Adoption is now formalising at both regulatory and organisational levels. In December 2025, FDA guidance supports AI as a transparent decision-making tool (4). Moreover, a 2025 ICON survey found that 76% of biotech leaders expect AI to accelerate R&D within two years, underscoring the shift from hype to operational impact (5).

AI is moving beyond workflow optimisation into core biologics design, enabling the in-silico creation of antibodies and proteins. In January 2026, Absci deployed its Origin-1 AI model for de novo antibody design, targeting previously unaddressed “zero prior epitope” interfaces and advancing hard-to-drug biologics into the clinic with accelerated timelines (6). Additionally, companies like Cradle Bio are leveraging protein language models to engineer enzymes and receptor-binding proteins (7).

Moreover, AI is increasingly being paired with quantum computing to tackle biological problems beyond the reach of classical methods. Early last year, the University of Toronto, in collaboration with Insilico Medicine, demonstrated this approach by designing small-molecule candidates targeting cancer-related proteins (8).

Together, these advances suggest AI is shifting from a support tool to a primary engine of biological innovation, fundamentally changing how new biological products are discovered and designed.

Neurodegenerative Disease Research Advances

In 2026, neurodegenerative research is being reshaped by advances in multiplex immunoassays and spatial proteomics, accelerating both discovery and translational research.

As multiplex panels expand, researchers are placing greater emphasis on quantifying low-abundance biomarkers with high sensitivity and reproducible precision within complex matrices such as cerebrospinal fluid.

Over recent years, companies such as Quanterix have advanced multiplex immunoassays, capable of ultra-sensitive detection of key AD biomarkers including Aβ40, Aβ42, NfL and brain-derived tau (9). These tools are enabling earlier-stage Alzheimer’s research and supporting more refined biomarker-driven study design. Portfolios expanded in late 2025, to include newly approved AD biomarkers such as p-Tau 217, alongside emerging ones such as p-Tau 205, and APOE ε4, with providers rapidly translating new discoveries into scalable assays (10) (11). Nonetheless, growing evidence of intra-assay variability is driving demand for technologies that deliver more reproducible, standardised biomarker measurements.

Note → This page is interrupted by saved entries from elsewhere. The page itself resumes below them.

Lemma avg_sup_pair_gap_le :
  avg perm_space (fun y => supH X H (pair_gap y))
  <= / INR p * (2 * (sqrt (INR p * sumR I (fun i => a i ^ 2) / 4) * sqrt (2 * log_growth_bound))).
Proof.
  set (M := sqrt (INR p * sumR I (fun i => a i ^ 2) / 4) * sqrt (2 * log_growth_bound)).
  assert (Hp : 0 < / INR p) by (apply Rinv_0_lt_compat, lt_0_INR; lia).
  assert (Hswap : avg perm_space (fun y => supH X H (pair_gap y))
    = avg perm_space (fun y => avg (sign_space I p) (fun sigma =>
        supH X H (pair_gap (fun i => perm_comp (y i) (pair_swap_perm n m p (sigma i))))))).
  { rewrite avg_comm, <- (avg_const (sign_space I p) (avg perm_space _))
      by (apply sign_space_not_nil).
    apply avg_ext; intros sigma _. symmetry.
    apply (avg_perm_space_comp (fun i => pair_swap_perm n m p (sigma i)) (fun z => supH X H (pair_gap z))).
    - intros i _. apply pair_swap_perm_in_perms; lia.
    - intros x z Hxz. apply supH_ext; auto using boundedH_pair_gap. intros h _. apply pair_gap_congr; auto. }
  rewrite Hswap, <- (avg_const perm_space (/ INR p * (2 * M))) by apply perm_space_not_nil.
  apply avg_le; intros y _.
  set (hi := centered_loss (fun i j => nth0 (y i) (m + j)) 1).
  set (lo := centered_loss (fun i j => nth0 (y i) j) (-1)).
  transitivity (avg (sign_space I p) (fun sigma => / INR p * (supH X H (rademacher_sum X I p hi sigma)
                                                      + supH X H (rademacher_sum X I p lo sigma)))).
  { apply avg_le; intros sigma _.
    rewrite (supH_ext X H H_nonempty _ (fun h => / INR p * (rademacher_sum X I p hi sigma h
                                                          + rademacher_sum X I p lo sigma h)));
      [| apply boundedH_pair_gap
       | apply boundedH_scal, boundedH_plus; apply boundedH_rademacher_centered
       | intros h _; apply pair_gap_pair_swap].
    eapply Rle_trans; [apply supH_scal; [auto | lra | apply boundedH_plus; apply boundedH_rademacher_centered]|].
    apply Rmult_le_compat_l; [lra|]. apply supH_plus; auto; apply boundedH_rademacher_centered. }
  rewrite avg_scal, avg_plus. apply Rmult_le_compat_l; [lra|].
  replace (2 * M) with (M + M) by ring.
  apply Rplus_le_compat; apply avg_sup_rademacher_centered_le; ring.
Qed.

End Symmetrization.

Lemma avg_sup_deviation_le :
  avg (choices I n m) (fun x => supH X H (deviation x))
  <= sqrt (sumR I (fun i => a i ^ 2))
     * sqrt (2 * INR d * ln (exp 1 * INR (length I) * INR m / INR d) / INR m).
Proof.
  rewrite avg_sup_deviation_eq_perm_space.
  destruct (Nat.eq_dec m n) as [Emn | Hmn].
  - transitivity (avg perm_space (fun _ => 0)).
    + apply avg_le; intros y Hy. apply supH_le; auto using boundedH_deviation.
      intros h _. rewrite deviation_full_sample; auto; lra.
    + rewrite avg_const by apply perm_space_not_nil. apply Rmult_le_pos; apply sqrt_pos.
  - set (r := (n - m)%nat). set (p := Nat.min m r).
    eapply Rle_trans; [apply (avg_sup_deviation_le_pair_gap r p); unfold r, p; lia|].
    eapply Rle_trans.
    { apply Rmult_le_compat_l; [apply Rmult_le_pos; [apply pos_INR | apply Rinv_INR_nonneg]|].
      apply (avg_sup_pair_gap_le r p); unfold r, p; lia. }
    assert (E : 2 * INR d * ln (exp 1 * INR (length I) * INR m / INR d) / INR m
                = 2 * log_growth_bound / INR m).
    { unfold log_growth_bound. rewrite mult_INR, <- (Rmult_assoc (exp 1)). field. apply not_0_INR; lia. }
    rewrite E. apply symmetrization_constant_le; auto using sum_sq_weights_pos, log_growth_bound_pos;
      unfold p, r; try lia.
    replace n with (m + (n - m))%nat at 3 4 by lia. generalize (n - m)%nat. intros r'.
    destruct (Nat.le_ge_cases m r'); [rewrite Nat.min_l | rewrite Nat.min_r]; nia.
Qed.
(* Let $q$ be a prime, $m\in\mathbb Z$, $n\in\mathbb N$ with $\gcd(m,n)=1$, and let $\Phi_q:\mathbb Z\to\mathbb F_q$ be the quotient map; when $q\nmid n$, let $[m/n]_q\in\mathbb F_q$ be the element with $\Phi_q(n)[m/n]_q=\Phi_q(m)$. All convergences below are in $\mathbb A$. (b) The sets $U_{\mathbb R}$, $U_q$ and $\mu_{\mathbb Z(q)}(\mathbb F_q)\cup U_q$ are open in $\mathbb A^{\min}$. (c) The subspaces $\mu_{\mathbb Q_0}(\mathbb Q)$ and $\bigcup_{p}\mu_{\mathbb Z(p)}(\mathbb F_p)$ are discrete. (d) Let $(p_i,\omega_i)_{i\in\mathbb N}$ be a sequence in $\{\text{primes}\}\times(0,\infty)$ and $s_i\in\mathbb Q_{p_i}$. Then $\mu_{\mathbb Q_{p_i}^{\omega_i}}(s_i)\to\mu_{\mathbb Z(q)}(\Phi_q(n))$ if and only if $\omega_i\to\infty$ and there is $i_0$ such that for all $i\ge i_0$, $p_i=q$ and $s_i\in n+q\mathbb Z_q$, where $\mathbb Z_q=\{s\in\mathbb Q_q:|s|_q\le1\}$. (e) Let $(p_i,k_i)_{i\in\mathbb N}$ be a sequence in $\{\text{primes}\}\times\mathbb Z$. Then $\mu_{\mathbb Z(p_i)}(\Phi_{p_i}(k_i))\to\mu_{\mathbb Q_0}(m/n)$ if and only if $p_i\to\infty$ and there is $i_0$ with $\Phi_{p_i}(k_i)=[m/n]_{p_i}$ for all $i\ge i_0$. (f) Let $\upsilon_i\in(0,1]$ and $t_i\in\mathbb R$. Then $\mu_{\mathbb R_{\upsilon_i}}(t_i)\to\mu_{\mathbb Q_0}(m/n)$ if and only if $\upsilon_i\to0$ and $|t_i-m/n|^{\upsilon_i}\to0$ ($|\cdot|$ Euclidean). (g) Let $(p_i,\omega_i)$ be a sequence in $\{\text{primes}\}\times(0,\infty)$ and $s_i\in\mathbb Q_{p_i}$. Then $\mu_{\mathbb Q_{p_i}^{\omega_i}}(s_i)\to\mu_{\mathbb Q_0}(m/n)$ if and only if $|k|_{p_i}^{\omega_i}\to1$ for every $k\in\mathbb N$ and $|s_i-m/n|_{p_i}^{\omega_i}\to0$.
   Context: $\mathbb A$ is the set of non-zero multiplicative semi-norms on $\mathbb Z[t]$ with the topology of pointwise convergence on $\mathbb Z[t]$. For a complete valuation field $K$ and $s\in K$, $\mu_K(s)\in\mathbb A$ is $p\mapsto|p(s)|_K$. Minimal fields: $\mathbb Q_0$ ($\mathbb Q$ with trivial absolute value), $\mathbb Z(p)$ ($\mathbb F_p$ with trivial absolute value), $\mathbb R_\upsilon$ ($\mathbb R$ with $|x|^\upsilon$, $|\cdot|$ Euclidean, $\upsilon\in(0,1]$), $\mathbb Q_p^\omega$ ($\mathbb Q_p$ with $|x|_p^\omega$, $\omega>0$). $\mathbb A^{\min}$ is the union of $\mu_K(K)$ over all these minimal fields $K$, with the subspace topology from $\mathbb A$; $U_{\mathbb R}:=\bigcup_{\upsilon\in(0,1]}\mu_{\mathbb R_\upsilon}(\mathbb R)$ and $U_q:=\bigcup_{\omega\in(0,\infty)}\mu_{\mathbb Q_q^\omega}(\mathbb Q_q)$. *)

From Stdlib Require Export Reals QArith ZArith Znumtheory List ClassicalEpsilon.
Open Scope R_scope.

(* Elements of Z[t]: coefficient lists, constant coefficient first. *)
Definition poly := list Z.

Fixpoint evalZ (P : poly) (x : Z) : Z :=
  match P with nil => 0%Z | c :: P' => (c + x * evalZ P' x)%Z end.
Fixpoint evalQ (P : poly) (x : Q) : Q :=
  match P with nil => 0%Q | c :: P' => (inject_Z c + x * evalQ P' x)%Q end.
Fixpoint evalR (P : poly) (x : R) : R :=
  match P with nil => 0 | c :: P' => IZR c + x * evalR P' x end.

(* p-adic valuation of a nonzero integer (fuel |z| suffices for p >= 2). *)
Fixpoint vfuel (fuel : nat) (p z : Z) : Z :=
  match fuel with
  | O => 0%Z
  | S f => if Z.eqb z 0 then 0%Z
           else if Z.eqb (Z.modulo z p) 0 then (1 + vfuel f p (Z.div z p))%Z
           else 0%Z
  end.
Definition vZ (p z : Z) : Z := vfuel (Z.to_nat (Z.abs z)) p z.

Definition padic_abs (p : Z) (x : Q) : R :=
  if Qeq_bool x 0 then 0
  else powerRZ (IZR p) (- (vZ p (Qnum x) - vZ p (Zpos (Qden x))))%Z.

Definition Lim (u : nat -> R) : R := epsilon (inhabits 0) (fun l => Un_cv u l).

On the spatial side, neurobiology panel design is being driven by demand to map disease-relevant cell states and interactions within intact brain microenvironments that bulk approaches cannot resolve. For example, Akoya Biosciences recently released the PhenoCode Neurobiology Panel, enabling the visualisation of 42 biomarkers associated with neurodegeneration, neuroinflammation and neuroplasticity within brain tissue (12).

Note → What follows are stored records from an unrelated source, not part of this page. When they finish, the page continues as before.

(* Let $G$ be a connected cubic graph on $n$ vertices with $n\equiv 0\pmod 4$. If $G$ has a Xuong tree whose cotree has a unique odd component and this component has at least three edges, then $G$ admits a coherent stable decycling partition, i.e. a partition $\{A,J\}$ of $V(G)$ such that $G[A]$ is a tree and $J$ is independent or near-independent.
   Context: Graphs are finite; loops and multiple edges allowed; a cubic graph is $3$-regular. For connected $G$, $\beta(G)=|E(G)|-|V(G)|+1$; $\gamma_M(G)$ is the largest genus of a closed orientable surface on which $G$ has a cellular embedding; $\xi(G)=\beta(G)-2\gamma_M(G)$. For a spanning tree $T$ the cotree is $G-E(T)$; a component is odd if it has an odd number of edges; $T$ is a Xuong tree if its cotree has exactly $\xi(G)$ odd components. $J$ is independent if $G[J]$ has no edges and near-independent if $G[J]$ has exactly one edge. *)

(* A finite multigraph (loops and parallel edges allowed) is
   given by a vertex finType V, an edge finType E and an endpoint map
   ends : E -> V * V (a loop is an edge e with (ends e).1 = (ends e).2). *)
From mathcomp Require Import all_boot all_order all_algebra all_fingroup.
Set Implicit Arguments.
Unset Strict Implicit.
Unset Printing Implicit Defensive.

Section Graph.
Variables (V E : finType) (ends : E -> V * V).

Definition joins (e : E) (x y : V) : bool :=
  (ends e == (x, y)) || (ends e == (y, x)).

(* degree of v; a loop at v counts twice *)
Definition deg (v : V) : nat :=
  #|[set e | (ends e).1 == v]| + #|[set e | (ends e).2 == v]|.

Definition cubic : Prop := forall v, deg v = 3.

Definition adj_in (A : {set V}) (F : {set E}) : rel V :=
  [rel x y | [&& x \in A, y \in A & [exists e in F, joins e x y]]].

Definition connected_in (A : {set V}) (F : {set E}) : Prop :=
  A != set0 /\ forall x y, x \in A -> y \in A -> connect (adj_in A F) x y.

Definition connected : Prop := connected_in setT setT.

(* F contains a cycle: k+1 >= 1 distinct edges es_0..es_k and distinct
   vertices vs_0..vs_k with es_i joining vs_i and vs_{i+1 mod k+1}
   (a loop is a cycle of length 1, two parallel edges one of length 2) *)
Definition has_cycle_in (F : {set E}) : Prop :=
  exists (k : nat) (es : 'I_k.+1 -> E) (vs : 'I_k.+1 -> V),
    [/\ injective es, injective vs,
        forall i, es i \in F &
        forall i, joins (es i) (vs i) (vs (ordS i))].

Definition induced_edges (A : {set V}) : {set E} :=
  [set e | ((ends e).1 \in A) && ((ends e).2 \in A)].

Definition tree_in (A : {set V}) (F : {set E}) : Prop :=
  connected_in A F /\ ~ has_cycle_in F.

Definition induced_tree (A : {set V}) : Prop := tree_in A (induced_edges A).

Definition spanning_tree (T : {set E}) : Prop := tree_in setT T.

Definition independent (J : {set V}) : Prop := induced_edges J = set0.
Definition near_independent (J : {set V}) : Prop := #|induced_edges J| = 1.

Definition comp_of (F : {set E}) (v : V) : {set V} :=
  [set u | connect (adj_in setT F) v u].
Definition comps (F : {set E}) : {set {set V}} := [set comp_of F v | v in V].
Definition comp_edges (F : {set E}) (C : {set V}) : {set E} :=
  [set e in F | (ends e).1 \in C].
Definition odd_comps (F : {set E}) : {set {set V}} :=
  [set C in comps F | odd #|comp_edges F C|].
Definition cotree (T : {set E}) : {set E} := ~: T.

(* darts: (e, true) is e leaving (ends e).1, (e, false) leaving (ends e).2 *)
Local Notation dart := (E * bool)%type.
Definition dtail (d : dart) : V := if d.2 then (ends d.1).1 else (ends d.1).2.
Definition dinv (d : dart) : dart := (d.1, ~~ d.2).

Definition rotation (rho : {perm dart}) : bool :=
  [forall d, dtail (rho d) == dtail d] &&
  [forall d, forall d', (dtail d == dtail d') ==> fconnect rho d d'].

(* number of faces of the embedding = orbits of rho o dinv *)
Definition faces (rho : {perm dart}) : nat :=
  fcard (fun d => rho (dinv d)) (@predT dart).

(* Euler's formula: |V| - |E| + F = 2 - 2 g *)
Definition genus (rho : {perm dart}) : nat :=
  (2 + #|E| - #|V| - faces rho)./2.

Definition max_genus : nat := \max_(rho : {perm dart} | rotation rho) genus rho.

Definition xi : int := (Posz #|E| - Posz #|V| + 1 - 2 * Posz max_genus)%R.

Definition xuong_tree (T : {set E}) : Prop :=
  spanning_tree T /\ Posz #|odd_comps (cotree T)| = xi.

End Graph.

Together, these advances indicate a shift towards high-resolution, biomarker-driven investigation of disease mechanisms, where reproducible measurement of low-abundance proteins is becoming essential.

Spatial Multi-Omics & Systems Biology

In 2026, spatial multi-omics is driving insights from basic biology to translational research. By integrating proteomics, transcriptomics, lipidomics and metabolomics, with advanced imaging, researchers are generating multidimensional data in immuno-oncology, neurobiology and metabolic research.

Recent strategic activity reinforced this trend. In 2025, Takara Bio acquired Curio Biosciences to strengthen its spatial genomics capabilities, while Thermo Fisher Scientific launched the EVOS S1000 to expand imaging capacity (13) (14). In early 2026, Illumina released its cloud-based multi-omics software and 10x Genomics partnered with PharosAI to advance AI-driven spatial oncology research. (15) (16). Together, these moves reflect intensifying competition and continued investment in integrated platforms.

Recent studies illustrate the impact. Spatial multi-omics approaches have identified immunosuppressive tumour microenvironments linked to therapeutic resistance (17). Moreover, integrated RNA and high-plex protein mapping has revealed molecular heterogeneity surrounding pathological plaques in Alzheimer’s Disease (18).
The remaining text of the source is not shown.